Automatic feature generation does exist, but we must be careful with using it, since often times a feature can be very useful in the training set but not so useful in testing. Googling “feature extraction for X”, where x=images, voice data, etc. will be helpful for analyzing your dataset. You’re looking for features that will help differentiate between samples. In some applications (images, voice), automatic feature creation is possible and sometimes necessary.
The next stage is tidying up covariates into new, more useful covariates. This step is more important for some methods than others. For example, we have to make sure to have properly cleaned and transformed data for algorithms like regression and SVMs, but not so much for others like classification trees that don’t mind so much if the data looks a certain way.
Feature building should only be done on the training set, without looking at the test set, otherwise the looming danger is that we’ll overfit. The best approach to building features is just making plots and tables to see how the different variables relate to each other and what might be important. Basically: create new features if you think they will improve the model fit, use exploratory analysis for finding what such features might be, but be careful about overffiting!

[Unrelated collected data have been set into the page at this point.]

Lemma hgrad_norm_eq0_near u p : (\forall q \near p, u q = 0) -> hgrad_norm u p = 0.
Proof.
move=> u0; have D0 v : 'D_v u p = 0.
  by rewrite (near_eq_derive v (u0 : \near p, u p = cst 0 p)) derive_cst.
rewrite /hgrad_norm big1 ?sqrtr0 // => j _.
by rewrite /Xf /Yf !D0 !mulr0 addr0 subr0 expr0n /= addr0.
Qed.

Lemma hgrad_norm_bounded (phi : H -> R^o) (c : R) : Ck 1 phi -> 0 <= c ->
  (forall p, c <= hnorm p -> phi p = 0) ->
  exists M, forall p, hgrad_norm phi p <= M.
Proof.
move=> dphi c0 phi0.
have [M hM] : exists M, forall p, `|hgrad_norm phi p| <= M.
  apply: (compact_support_bounded (@hbox_compact R N (c + c ^+ 2))).
    exact: hgrad_norm_continuous.
  move=> p pB; apply: hgrad_norm_eq0_near.
  have cp : c ^+ 4 < hnorm4 p.
    by rewrite ltNge; apply/negP => /(hbox_hnorm4_le c0).
  have gap : 0 < hnorm4 p - c ^+ 4 by rewrite subr_gt0.
  have near_gap : \forall q \near p, `|hnorm4 p - hnorm4 q| < hnorm4 p - c ^+ 4.
    exact: (cvgrPdist_lt _ _).1 (@hnorm4_continuous R N p) _ gap.
  apply: filterS near_gap => q pq; apply: phi0; rewrite le_hnorm //.
  by move: pq; rewrite ltr_distlC => /andP[+ _]; lra.
by exists M => p; apply: le_trans (hM p); exact: ler_norm.
Qed.

End horizontal_gradient.

Section bubble.
Variables (R : realType) (N : nat) (s C0 normU S eps : R).
Hypothesis eps_gt0 : 0 < eps.
Local Notation H := (Heis R N).
Implicit Types (p v : H).

Definition bubble_dil : R := S `^ (- (2 * s)^-1).
Definition bubble_exp : R := (Qdim R N - 2 * s) / 4.
Definition bubble_coef : R := C0 / normU * eps `^ ((Qdim R N - 2 * s) / 2).
Local Notation a := bubble_dil.
Local Notation k := bubble_exp.

Definition bubble_mid p : R := eps ^+ 2 + a ^+ 2 * (sqn (hx p) + sqn (hy p)).
Definition bubble_den p : R := (a ^+ 2 * ht p) ^+ 2 + bubble_mid p ^+ 2.

Lemma bubble_mid_ge0 p : 0 <= bubble_mid p.
Proof. by rewrite addr_ge0 ?sqr_ge0 // mulr_ge0 ?sqr_ge0 // addr_ge0 // sqn_ge0. Qed.

Lemma bubble_den_gt0 p : 0 < bubble_den p.
Proof.
rewrite ltr_wpDl ?sqr_ge0 // exprn_gt0 // ltr_wpDr ?exprn_gt0 //.
by rewrite mulr_ge0 ?sqr_ge0 // addr_ge0 // sqn_ge0.
Qed.

Lemma bubble_exp_gt0 : s < 1 -> 0 < k.
Proof.
move=> s1; rewrite divr_gt0 // subr_gt0.
have : (2 : R) <= Qdim R N.
  by rewrite /Qdim -[2 in leLHS]/(2%:R) ler_nat addnC leq_addr.
lra.
Qed.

7. Preprocessing with principal components analysis
We often have multiple quantitative variables, but they can be highly correlated with each other. In this case, we might not need every predictor - a weighted combination of predictors might be better. The idea is to pick the combination to capture the most information possible. In doing this, we are reducing the number of predictors and because we’re averaging variables, we’re actually reducing noise as well.

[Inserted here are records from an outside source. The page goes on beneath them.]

Lemma rank_lt_dot a b c d k : a <= c -> b <= d -> k < n -> k < c -> P k < d ->
  (a <= k) || (b <= P k) -> rank p a b < rank p c d.
Proof.
move=> le_ac le_bd lt_kn lt_kc lt_Pkd new_k; apply/proper_card; rewrite properE.
apply/andP; split; first by apply/subsetP => x; rewrite !inE; lia.
apply/subsetPn; exists (Ordinal lt_kn); rewrite !inE /= -(pvalE lt_kn); lia.
Qed.

Lemma rank_diagS i j : diag p i j -> rank p i.+1 j.+1 = rank p i j.
Proof.
case/and4P=> lt_in lt_jn lt_jPi lt_iQj; apply: eq_card => k; rewrite !inE -pval_ord.
have [eq_Pkj | ne_Pkj] := eqVneq (P k) j.
  by move: lt_iQj; rewrite -eq_Pkj pvalK //; lia.
have [eq_ki | ne_ki] := eqVneq (k : nat) i; first by rewrite eq_ki; lia.
lia.
Qed.

Lemma diag_rank_bound i j : diag p i j -> i + j + 2 <= n + rank p i j.
Proof.
case/and4P=> lt_in lt_jn lt_jPi lt_iQj.
pose above := p @^-1: [set v : 'I_n | j < v].
have sub : [set k : 'I_n | k < i.+1] \subset [set k : 'I_n | (k < i) && (p k < j)] :|: above.
  apply/subsetP => k; rewrite !inE ltnS -pval_ord => le_ki.
  have ne_Pkj : P k != j by apply: contraTneq lt_iQj => <-; rewrite pvalK //; lia.
  by case: (eqVneq (k : nat) i) => [eq_ki | ne_ki]; [rewrite eq_ki|]; lia.
have card_above : #|above| = n - j.+1.
  rewrite card_preimset; last exact: perm_inj.
  have -> : [set v : 'I_n | j < v] = ~: [set v : 'I_n | v < j.+1].
    by apply/setP => v; rewrite !inE -leqNgt.
  have := cardsC [set v : 'I_n | v < j.+1]; rewrite card_ord_ltn // card_ord => sum_n.
  by apply/eqP; rewrite -(eqn_add2l j.+1) subnKC // sum_n.
by have := subset_leq_card sub; rewrite card_ord_ltn // cardsU card_above /rank; lia.
Qed.

Lemma ess_diag i j : ess p i j -> diag p i j.
Proof. by case/and3P. Qed.

Lemma essE i j : ess p i j = [&& diag p i j, P i.+1 <= j & Q j.+1 <= i].
Proof.
rewrite /ess; case diag_ij: (diag p i j) => //=.
move/and4P: diag_ij => [lt_in lt_jn lt_jPi lt_iQj].
have lt_Qjn := pinv_lt lt_jn; have lt_Pin := pval_lt lt_in.
congr andb; rewrite /diag.
  rewrite lt_jn (_ : i.+1 < n) /=; last by lia.
  have [eq_Qj | ne_Qj] := eqVneq (Q j) i.+1; first by rewrite -eq_Qj pinvK // ltnn leqnn.
  by rewrite (_ : i.+1 < Q j) ?andbT -?leqNgt //; lia.
rewrite lt_in (_ : j.+1 < n) /=; last by lia.
have [eq_Pi | ne_Pi] := eqVneq (P i) j.+1; first by rewrite -eq_Pi pvalK // ltnn leqnn.
by rewrite (_ : j.+1 < P i) -?leqNgt //; lia.
Qed.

We try to find a new set of variables that are uncorrelated and meanwhile, try to explain as much variance as possible. How can we use fewer variables to try to explain almost everything that is going on?
There are two related solutions that are very similar. Singular value decomposition decomposes the data into 3 different matrices. Principal components analysis is quite similar, and is equivalent to the right singular vectors of LDA if scaled appropriately.

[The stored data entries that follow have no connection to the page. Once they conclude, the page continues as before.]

Theorem theorem9 (R : realType) (d n k : nat) (M : seq 'rV[R]_d) (eps : R)
    (P1 : seq 'rV[R]_d) (o : 'rV[R]_d) (C P : seq 'rV[R]_d) :
  uniq M -> size M = n ->
  (2 <= k)%N -> (k < n)%N ->
  0 < eps -> eps < 1 / 2 ->
  fpi_output M k P1 ->
  let eps1 := eps / (3 + 2 * eps) in
  let eps2 := eps1 * RS M P1 / (2 * Num.sqrt (d%:R)) in
  grid_reps eps2 o M C ->
  uniq P -> size P = k -> {subset P <= C} ->
  (forall P' : seq 'rV[R]_d, uniq P' -> size P' = k -> {subset P' <= C} ->
     GR M P <= GR M P') ->
  forall Q : seq 'rV[R]_d, uniq Q -> size Q = k -> {subset Q <= M} ->
    GR M P <= (1 + eps) * GR M Q.
Proof.
move=> uniq_M size_M k_ge2 k_lt_n eps_gt0 _ fpi eps1 eps2 gridC uniq_P size_P PC P_opt.
have k_lt_M : (k < size M)%N by rewrite size_M.
have RS_P1_gt0 := fpi_RS_gt0 fpi k_ge2 uniq_M k_lt_M.
have size_M_gt1 : (1 < size M)%N by lia.
have d_gt0 : (0 < d)%N.
  by apply: (@dim_gt0 _ _ (nth 0 M 0) (nth 0 M 1)); rewrite nth_uniq // ltnW.
have sqrt_d_gt0 : 0 < Num.sqrt (d%:R : R) by rewrite sqrtr_gt0 ltr0n.
have [eps1_gt0 eps1_lt eps_eq] :
  [/\ 0 < eps1, 2 * eps1 < 1 & 1 + eps1 <= (1 + eps) * (1 - 2 * eps1)] := eps1_bounds eps_gt0.
have eps2_gt0 : 0 < eps2 by apply: divr_gt0; [exact: mulr_gt0 | rewrite mulr_gt0].
have t_eq : Num.sqrt d%:R * eps2 = eps1 * RS M P1 / 2 by rewrite /eps2; field; rewrite gt_eqF.
have snap S : uniq S -> size S = k -> {subset S <= M} -> GR M S <= 2 ->
    GR M P <= (1 + eps) * GR M S.
  move=> uniq_S size_S SM; have size_S_gt1 : (1 < size S)%N by rewrite size_S.
  rewrite GR_le2 ?rS_gt0 // => RS_S_le2.
  have t_le : Num.sqrt d%:R * eps2 <= eps1 * RS M S.
    by rewrite t_eq; have := fpi_RS_le_RS2 fpi (ltnW k_ge2) size_S; nra.
  have [S' [uniq_S' size_S' S'C] GR_S'] :=
    grid_snap gridC eps2_gt0 (ltW eps1_gt0) eps1_lt eps_eq uniq_S size_S_gt1 SM RS_S_le2 t_le.
  exact: le_trans (P_opt S' uniq_S' (etrans size_S' size_S) S'C) GR_S'.
move=> Q uniq_Q size_Q QM.
have [GR_Q_le2|GR_Q_gt2] := leP (GR M Q) 2; first exact: snap.
have [size_P1 P1M _ _] := fpi.
have uniq_P1 := fpi_uniq fpi k_ge2 uniq_M k_lt_M.
have GR_P1_le2 : GR M P1 <= 2.
  by rewrite GR_le2 ?(rS_gt0 uniq_P1) ?size_P1 // (fpi_RS_le_rS2 fpi k_ge2).
apply: le_trans (snap P1 uniq_P1 size_P1 P1M GR_P1_le2) _.
by rewrite ler_wpM2l ?ltW //; lra.
Qed.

The difficulty with PCA is that it is quite hard to interpret the resulting simplified variables, because each one can be a very complex weighted combination of many variables. It is also sensitive to outliers, which must be caught in advance through exploratory data analysis.
8. Predicting with Regression
The idea of regression is to fit a straight line to a set of data. It is quite a simple model in this sense, but regression is useful to do when just a straight line is a sufficiently accurate model of the data. The upsides of regression is that it is easy to implement and easy to interpret, but you’ll get poor performance if you try to do regression in non-linear settings since you’ll often miss important features of the data. In the practical of this lecture, we’ll look at geyser eruption data (the Old Faithful geyser, specifically).
Concepts covered in the practical: fitting linear models, plotting lines through scatter plots, linear regression, differences in RMSE between train and test sets, prediction intervals.
LM can be done with multiple variables, and is often is useful in combination with other models (we’ll cover model blending later).
9. Predicting with multivariate regression
We can predict using multiple covariates. We’ll again be using the wages data to predict wages of a group of men, and explore the dataset to find out which predictors are the most important to include in the model.
Concepts covered in the practical: running the multivariate regression, diagnostics plots of residuals (residuals versus fitted values, residuals over indices of rows, etc.)